#### WHAT YOU ARE ASKED TO DO:
Return all the lines below in which the string "eqVneq" appears.
_ _ _ _
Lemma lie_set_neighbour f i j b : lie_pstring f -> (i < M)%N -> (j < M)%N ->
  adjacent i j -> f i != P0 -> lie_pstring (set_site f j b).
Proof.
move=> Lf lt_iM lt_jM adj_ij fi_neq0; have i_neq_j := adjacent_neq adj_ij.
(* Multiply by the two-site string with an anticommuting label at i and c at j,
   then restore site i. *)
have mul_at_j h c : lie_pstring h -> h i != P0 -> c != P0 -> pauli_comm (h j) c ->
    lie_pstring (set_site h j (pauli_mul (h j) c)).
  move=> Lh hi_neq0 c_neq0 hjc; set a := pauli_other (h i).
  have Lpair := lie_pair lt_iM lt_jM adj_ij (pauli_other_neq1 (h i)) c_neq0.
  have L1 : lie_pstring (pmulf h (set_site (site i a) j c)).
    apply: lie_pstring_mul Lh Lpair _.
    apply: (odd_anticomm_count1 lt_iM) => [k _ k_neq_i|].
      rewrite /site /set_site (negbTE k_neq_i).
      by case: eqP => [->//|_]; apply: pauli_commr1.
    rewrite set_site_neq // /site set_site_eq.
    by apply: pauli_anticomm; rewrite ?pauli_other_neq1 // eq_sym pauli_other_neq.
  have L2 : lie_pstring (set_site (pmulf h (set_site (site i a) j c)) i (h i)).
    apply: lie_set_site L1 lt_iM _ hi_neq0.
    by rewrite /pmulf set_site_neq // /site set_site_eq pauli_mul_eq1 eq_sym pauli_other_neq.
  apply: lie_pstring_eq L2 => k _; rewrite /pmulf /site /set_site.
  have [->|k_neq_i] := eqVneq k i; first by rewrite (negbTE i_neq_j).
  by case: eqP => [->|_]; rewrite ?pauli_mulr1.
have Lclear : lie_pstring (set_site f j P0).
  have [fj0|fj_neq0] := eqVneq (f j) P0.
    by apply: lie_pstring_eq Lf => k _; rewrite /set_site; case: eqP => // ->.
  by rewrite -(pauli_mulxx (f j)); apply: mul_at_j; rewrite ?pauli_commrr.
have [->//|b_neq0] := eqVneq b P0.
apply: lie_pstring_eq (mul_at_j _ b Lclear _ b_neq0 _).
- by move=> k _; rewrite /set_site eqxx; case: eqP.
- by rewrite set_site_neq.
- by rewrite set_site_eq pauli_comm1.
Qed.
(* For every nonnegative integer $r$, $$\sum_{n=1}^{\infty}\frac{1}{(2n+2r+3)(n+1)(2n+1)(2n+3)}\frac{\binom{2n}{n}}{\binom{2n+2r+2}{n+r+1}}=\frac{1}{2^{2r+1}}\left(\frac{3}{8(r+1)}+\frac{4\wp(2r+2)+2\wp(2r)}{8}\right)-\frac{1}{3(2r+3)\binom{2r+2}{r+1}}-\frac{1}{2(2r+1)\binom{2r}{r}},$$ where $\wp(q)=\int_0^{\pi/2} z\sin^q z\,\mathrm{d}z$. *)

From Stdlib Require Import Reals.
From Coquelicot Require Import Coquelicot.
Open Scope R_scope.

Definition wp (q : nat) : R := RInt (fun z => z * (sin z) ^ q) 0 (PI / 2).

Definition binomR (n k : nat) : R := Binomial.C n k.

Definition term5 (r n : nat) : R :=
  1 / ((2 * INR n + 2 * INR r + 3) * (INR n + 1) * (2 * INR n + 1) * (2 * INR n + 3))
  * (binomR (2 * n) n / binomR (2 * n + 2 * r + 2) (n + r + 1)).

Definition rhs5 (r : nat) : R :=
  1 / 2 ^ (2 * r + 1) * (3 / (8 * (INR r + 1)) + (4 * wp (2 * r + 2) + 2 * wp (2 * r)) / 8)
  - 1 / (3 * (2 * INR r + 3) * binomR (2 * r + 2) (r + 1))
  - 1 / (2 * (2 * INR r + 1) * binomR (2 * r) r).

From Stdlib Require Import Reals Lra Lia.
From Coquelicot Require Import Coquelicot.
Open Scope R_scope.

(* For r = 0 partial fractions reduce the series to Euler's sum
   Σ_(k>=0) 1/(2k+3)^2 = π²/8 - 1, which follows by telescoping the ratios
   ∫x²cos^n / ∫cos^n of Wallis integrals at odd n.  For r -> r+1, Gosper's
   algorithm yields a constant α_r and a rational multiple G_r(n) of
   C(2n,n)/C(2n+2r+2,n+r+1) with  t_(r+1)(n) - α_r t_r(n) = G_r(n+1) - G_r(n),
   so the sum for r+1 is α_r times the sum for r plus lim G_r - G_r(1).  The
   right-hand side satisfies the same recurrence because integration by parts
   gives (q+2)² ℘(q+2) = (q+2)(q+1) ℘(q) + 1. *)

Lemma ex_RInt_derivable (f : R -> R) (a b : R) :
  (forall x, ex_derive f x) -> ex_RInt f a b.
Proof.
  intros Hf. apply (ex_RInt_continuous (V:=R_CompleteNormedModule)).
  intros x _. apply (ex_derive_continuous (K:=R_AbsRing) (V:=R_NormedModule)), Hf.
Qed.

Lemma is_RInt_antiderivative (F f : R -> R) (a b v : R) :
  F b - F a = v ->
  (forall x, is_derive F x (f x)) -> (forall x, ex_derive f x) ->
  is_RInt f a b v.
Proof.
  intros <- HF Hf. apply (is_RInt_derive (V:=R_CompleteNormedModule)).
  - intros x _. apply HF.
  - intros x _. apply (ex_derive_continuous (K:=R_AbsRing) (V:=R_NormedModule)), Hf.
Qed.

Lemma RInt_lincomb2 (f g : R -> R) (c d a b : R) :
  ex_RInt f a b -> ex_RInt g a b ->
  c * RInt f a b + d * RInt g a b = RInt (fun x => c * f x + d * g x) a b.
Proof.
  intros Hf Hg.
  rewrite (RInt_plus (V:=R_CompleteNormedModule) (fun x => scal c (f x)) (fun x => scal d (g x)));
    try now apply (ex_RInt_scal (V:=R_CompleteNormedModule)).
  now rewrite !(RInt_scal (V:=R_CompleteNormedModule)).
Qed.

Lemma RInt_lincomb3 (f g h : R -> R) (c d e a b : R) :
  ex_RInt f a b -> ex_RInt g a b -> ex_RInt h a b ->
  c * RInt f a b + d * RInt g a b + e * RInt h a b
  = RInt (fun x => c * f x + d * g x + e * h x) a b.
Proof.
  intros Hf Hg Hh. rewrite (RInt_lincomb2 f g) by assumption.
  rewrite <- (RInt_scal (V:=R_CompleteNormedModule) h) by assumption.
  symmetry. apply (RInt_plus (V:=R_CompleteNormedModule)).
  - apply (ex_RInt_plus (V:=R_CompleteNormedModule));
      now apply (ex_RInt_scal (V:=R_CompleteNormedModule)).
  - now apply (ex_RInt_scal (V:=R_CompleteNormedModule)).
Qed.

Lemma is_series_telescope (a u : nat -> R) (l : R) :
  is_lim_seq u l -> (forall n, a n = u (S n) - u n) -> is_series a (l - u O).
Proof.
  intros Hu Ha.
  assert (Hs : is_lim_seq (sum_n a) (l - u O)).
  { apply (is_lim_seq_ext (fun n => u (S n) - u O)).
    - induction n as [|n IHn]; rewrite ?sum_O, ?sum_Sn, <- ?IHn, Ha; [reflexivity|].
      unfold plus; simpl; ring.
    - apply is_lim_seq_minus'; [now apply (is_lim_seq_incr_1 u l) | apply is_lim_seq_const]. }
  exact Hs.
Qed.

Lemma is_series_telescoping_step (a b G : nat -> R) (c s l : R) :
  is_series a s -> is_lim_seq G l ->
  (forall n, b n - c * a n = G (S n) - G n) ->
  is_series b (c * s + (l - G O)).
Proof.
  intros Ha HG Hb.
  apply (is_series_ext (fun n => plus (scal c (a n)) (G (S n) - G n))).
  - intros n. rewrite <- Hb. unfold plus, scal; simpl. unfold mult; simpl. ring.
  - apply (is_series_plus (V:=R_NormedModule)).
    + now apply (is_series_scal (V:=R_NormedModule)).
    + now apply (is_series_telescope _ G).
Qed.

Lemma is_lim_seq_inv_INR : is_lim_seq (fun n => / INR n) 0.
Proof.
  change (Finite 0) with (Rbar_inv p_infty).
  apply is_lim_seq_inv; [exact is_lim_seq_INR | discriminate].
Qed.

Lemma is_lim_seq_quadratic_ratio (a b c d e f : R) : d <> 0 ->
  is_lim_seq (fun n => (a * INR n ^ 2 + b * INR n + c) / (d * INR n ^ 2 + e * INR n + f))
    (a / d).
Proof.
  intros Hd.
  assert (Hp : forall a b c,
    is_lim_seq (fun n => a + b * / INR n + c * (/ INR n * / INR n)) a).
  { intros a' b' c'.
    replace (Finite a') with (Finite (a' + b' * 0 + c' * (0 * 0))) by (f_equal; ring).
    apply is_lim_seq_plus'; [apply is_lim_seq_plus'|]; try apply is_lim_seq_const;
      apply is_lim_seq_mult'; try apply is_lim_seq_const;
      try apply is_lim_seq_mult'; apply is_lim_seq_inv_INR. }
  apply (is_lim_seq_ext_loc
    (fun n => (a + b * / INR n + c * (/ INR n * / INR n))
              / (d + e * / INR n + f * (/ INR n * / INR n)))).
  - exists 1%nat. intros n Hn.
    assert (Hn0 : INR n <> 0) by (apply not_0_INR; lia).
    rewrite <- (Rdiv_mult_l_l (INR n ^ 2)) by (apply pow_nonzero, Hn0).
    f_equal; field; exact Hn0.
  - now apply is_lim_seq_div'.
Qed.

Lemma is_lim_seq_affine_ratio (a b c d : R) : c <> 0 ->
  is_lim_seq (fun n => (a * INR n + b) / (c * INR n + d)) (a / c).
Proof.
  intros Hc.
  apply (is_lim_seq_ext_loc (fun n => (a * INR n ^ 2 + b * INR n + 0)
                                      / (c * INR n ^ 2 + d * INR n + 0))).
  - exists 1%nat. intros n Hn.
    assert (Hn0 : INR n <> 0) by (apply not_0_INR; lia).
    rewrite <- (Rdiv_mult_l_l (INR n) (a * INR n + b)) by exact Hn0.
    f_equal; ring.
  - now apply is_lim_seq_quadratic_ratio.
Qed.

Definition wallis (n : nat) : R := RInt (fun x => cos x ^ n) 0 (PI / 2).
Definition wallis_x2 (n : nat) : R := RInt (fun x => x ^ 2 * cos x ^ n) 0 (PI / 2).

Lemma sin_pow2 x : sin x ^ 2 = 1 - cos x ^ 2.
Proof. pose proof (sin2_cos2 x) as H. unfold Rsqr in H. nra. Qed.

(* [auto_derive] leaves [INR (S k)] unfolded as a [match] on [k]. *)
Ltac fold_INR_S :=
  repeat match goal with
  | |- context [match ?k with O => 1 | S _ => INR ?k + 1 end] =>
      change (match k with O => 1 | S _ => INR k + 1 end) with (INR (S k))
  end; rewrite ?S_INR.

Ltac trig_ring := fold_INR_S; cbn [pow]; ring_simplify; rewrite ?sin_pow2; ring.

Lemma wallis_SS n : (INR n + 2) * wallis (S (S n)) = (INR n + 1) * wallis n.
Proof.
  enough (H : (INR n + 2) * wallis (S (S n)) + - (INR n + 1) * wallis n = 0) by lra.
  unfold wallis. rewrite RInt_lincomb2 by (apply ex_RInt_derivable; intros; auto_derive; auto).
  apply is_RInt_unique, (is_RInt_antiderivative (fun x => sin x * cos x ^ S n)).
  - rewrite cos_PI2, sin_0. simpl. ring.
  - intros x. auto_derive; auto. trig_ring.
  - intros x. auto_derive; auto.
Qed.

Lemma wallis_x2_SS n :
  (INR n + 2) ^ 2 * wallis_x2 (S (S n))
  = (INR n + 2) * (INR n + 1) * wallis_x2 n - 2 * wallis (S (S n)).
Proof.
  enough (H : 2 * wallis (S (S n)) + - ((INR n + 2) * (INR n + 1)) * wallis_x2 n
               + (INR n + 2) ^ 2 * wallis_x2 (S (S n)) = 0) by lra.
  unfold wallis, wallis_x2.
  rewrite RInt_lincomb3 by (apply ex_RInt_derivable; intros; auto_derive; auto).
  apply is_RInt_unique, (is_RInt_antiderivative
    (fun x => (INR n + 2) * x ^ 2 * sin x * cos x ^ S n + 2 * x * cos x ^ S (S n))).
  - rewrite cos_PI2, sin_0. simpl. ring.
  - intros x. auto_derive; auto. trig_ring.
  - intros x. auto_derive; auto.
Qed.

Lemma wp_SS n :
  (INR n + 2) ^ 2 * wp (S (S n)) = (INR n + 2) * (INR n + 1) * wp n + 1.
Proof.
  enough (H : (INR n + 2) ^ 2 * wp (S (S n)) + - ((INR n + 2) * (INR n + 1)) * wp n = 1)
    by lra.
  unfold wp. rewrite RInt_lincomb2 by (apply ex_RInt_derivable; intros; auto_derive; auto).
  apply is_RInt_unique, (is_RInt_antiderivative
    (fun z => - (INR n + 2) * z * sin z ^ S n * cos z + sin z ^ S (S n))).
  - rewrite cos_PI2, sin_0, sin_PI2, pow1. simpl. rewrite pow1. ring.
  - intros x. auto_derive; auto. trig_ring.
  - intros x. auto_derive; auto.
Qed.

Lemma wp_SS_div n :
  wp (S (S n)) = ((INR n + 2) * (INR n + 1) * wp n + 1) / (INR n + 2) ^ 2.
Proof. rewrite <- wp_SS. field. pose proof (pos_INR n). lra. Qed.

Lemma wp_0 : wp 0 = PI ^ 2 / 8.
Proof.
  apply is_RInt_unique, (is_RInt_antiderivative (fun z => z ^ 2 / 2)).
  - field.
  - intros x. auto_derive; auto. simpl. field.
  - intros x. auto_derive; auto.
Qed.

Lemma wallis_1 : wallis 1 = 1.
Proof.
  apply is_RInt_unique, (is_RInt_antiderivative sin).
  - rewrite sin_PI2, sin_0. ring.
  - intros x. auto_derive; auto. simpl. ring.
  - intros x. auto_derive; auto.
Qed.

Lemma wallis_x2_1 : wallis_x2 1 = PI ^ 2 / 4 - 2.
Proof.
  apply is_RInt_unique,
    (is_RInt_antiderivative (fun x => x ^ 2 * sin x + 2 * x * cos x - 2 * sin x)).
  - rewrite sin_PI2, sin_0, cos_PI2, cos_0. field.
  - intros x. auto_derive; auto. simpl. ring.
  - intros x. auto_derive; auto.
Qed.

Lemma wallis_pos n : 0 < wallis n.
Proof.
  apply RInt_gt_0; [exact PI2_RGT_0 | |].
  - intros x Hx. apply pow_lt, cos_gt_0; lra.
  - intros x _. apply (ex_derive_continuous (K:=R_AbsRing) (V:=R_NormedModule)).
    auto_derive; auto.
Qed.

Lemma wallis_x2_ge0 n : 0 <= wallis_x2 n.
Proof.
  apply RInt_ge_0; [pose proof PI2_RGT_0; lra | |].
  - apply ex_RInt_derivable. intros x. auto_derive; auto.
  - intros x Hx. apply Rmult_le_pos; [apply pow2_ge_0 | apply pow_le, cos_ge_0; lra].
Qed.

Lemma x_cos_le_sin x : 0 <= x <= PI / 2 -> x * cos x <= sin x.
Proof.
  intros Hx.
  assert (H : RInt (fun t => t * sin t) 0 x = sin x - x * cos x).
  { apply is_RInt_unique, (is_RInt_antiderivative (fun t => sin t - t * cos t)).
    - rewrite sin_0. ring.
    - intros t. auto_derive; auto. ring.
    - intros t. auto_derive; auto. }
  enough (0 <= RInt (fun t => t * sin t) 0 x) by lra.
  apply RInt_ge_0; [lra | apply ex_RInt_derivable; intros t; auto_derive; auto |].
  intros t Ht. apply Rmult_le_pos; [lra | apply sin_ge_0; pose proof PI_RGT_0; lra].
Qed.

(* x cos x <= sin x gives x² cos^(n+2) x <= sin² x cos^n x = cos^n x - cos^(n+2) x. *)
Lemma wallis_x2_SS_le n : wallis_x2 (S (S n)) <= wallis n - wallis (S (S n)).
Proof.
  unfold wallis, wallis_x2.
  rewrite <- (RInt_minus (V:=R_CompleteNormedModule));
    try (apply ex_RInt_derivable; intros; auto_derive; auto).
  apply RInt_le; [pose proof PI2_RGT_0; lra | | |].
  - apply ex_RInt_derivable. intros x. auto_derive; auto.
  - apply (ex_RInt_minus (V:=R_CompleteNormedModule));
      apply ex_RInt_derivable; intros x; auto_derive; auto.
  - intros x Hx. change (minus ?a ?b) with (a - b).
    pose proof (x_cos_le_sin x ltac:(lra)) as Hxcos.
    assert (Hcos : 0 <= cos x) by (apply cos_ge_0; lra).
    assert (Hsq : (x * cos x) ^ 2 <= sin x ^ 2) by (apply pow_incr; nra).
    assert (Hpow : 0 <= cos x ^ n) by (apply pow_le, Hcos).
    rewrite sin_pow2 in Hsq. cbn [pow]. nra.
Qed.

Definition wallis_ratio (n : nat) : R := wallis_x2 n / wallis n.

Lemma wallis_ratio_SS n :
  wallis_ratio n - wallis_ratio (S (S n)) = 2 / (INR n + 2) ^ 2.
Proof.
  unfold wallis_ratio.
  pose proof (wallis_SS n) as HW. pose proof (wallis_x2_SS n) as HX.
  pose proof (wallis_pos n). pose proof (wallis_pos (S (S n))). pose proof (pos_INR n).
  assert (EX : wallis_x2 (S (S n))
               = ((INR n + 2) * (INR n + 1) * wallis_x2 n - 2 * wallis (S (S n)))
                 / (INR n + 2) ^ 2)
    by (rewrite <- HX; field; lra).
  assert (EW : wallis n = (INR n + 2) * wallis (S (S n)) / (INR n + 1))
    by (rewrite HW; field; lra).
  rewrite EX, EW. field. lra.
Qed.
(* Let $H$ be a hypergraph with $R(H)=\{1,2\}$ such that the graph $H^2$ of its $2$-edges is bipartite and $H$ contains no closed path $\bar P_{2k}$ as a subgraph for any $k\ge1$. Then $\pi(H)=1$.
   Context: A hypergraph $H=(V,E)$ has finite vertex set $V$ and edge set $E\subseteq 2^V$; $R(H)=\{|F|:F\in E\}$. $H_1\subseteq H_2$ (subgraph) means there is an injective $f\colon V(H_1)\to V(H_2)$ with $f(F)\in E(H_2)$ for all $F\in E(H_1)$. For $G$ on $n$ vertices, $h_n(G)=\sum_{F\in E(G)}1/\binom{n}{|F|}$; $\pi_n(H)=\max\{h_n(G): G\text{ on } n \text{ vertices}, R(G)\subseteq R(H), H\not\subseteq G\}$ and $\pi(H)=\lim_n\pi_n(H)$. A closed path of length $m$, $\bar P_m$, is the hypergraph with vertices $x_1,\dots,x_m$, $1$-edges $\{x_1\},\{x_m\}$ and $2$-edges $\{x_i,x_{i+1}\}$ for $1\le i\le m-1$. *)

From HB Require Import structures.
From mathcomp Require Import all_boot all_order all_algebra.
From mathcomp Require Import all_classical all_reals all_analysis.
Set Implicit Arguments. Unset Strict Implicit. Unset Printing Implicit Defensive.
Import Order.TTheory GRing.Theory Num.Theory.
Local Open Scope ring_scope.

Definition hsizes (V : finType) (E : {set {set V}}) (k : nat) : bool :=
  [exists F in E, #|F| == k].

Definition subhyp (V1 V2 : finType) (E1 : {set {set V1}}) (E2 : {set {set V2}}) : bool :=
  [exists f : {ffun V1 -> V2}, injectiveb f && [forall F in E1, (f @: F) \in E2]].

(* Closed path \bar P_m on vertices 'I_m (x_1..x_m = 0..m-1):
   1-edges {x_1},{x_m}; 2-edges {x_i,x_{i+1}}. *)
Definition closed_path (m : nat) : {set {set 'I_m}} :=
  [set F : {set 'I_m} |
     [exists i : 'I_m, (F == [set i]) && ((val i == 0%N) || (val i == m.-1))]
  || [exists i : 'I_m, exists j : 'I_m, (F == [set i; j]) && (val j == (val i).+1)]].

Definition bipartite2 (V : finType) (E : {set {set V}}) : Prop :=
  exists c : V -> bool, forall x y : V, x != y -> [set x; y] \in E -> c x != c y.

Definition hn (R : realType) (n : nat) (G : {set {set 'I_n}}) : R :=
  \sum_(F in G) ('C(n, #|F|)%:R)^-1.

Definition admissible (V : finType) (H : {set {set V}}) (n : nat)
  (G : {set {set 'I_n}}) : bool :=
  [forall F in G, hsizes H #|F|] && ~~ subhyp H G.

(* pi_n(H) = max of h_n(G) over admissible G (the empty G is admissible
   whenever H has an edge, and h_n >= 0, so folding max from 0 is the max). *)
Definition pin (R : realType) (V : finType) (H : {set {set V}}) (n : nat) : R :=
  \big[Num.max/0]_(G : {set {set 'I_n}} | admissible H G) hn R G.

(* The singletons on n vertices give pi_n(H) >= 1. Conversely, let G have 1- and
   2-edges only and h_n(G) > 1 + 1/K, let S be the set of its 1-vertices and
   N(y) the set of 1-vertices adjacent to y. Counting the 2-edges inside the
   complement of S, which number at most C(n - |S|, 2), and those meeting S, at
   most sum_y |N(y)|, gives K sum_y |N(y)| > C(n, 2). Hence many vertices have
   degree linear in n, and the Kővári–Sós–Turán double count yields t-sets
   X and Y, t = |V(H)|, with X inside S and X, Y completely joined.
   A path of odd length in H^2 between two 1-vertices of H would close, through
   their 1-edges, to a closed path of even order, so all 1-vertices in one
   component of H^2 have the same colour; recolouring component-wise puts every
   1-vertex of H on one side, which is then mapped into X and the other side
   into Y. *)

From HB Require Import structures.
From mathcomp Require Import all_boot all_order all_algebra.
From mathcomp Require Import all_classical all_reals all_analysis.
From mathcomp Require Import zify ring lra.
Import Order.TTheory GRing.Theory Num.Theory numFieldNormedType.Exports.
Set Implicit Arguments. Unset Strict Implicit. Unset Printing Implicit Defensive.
_ _ _ _
#### SOLUTION FOR THIS EXERCISE:
  have [->|k_neq_i] := eqVneq k i; first by rewrite (negbTE i_neq_j).
  have [fj0|fj_neq0] := eqVneq (f j) P0.
have [->//|b_neq0] := eqVneq b P0.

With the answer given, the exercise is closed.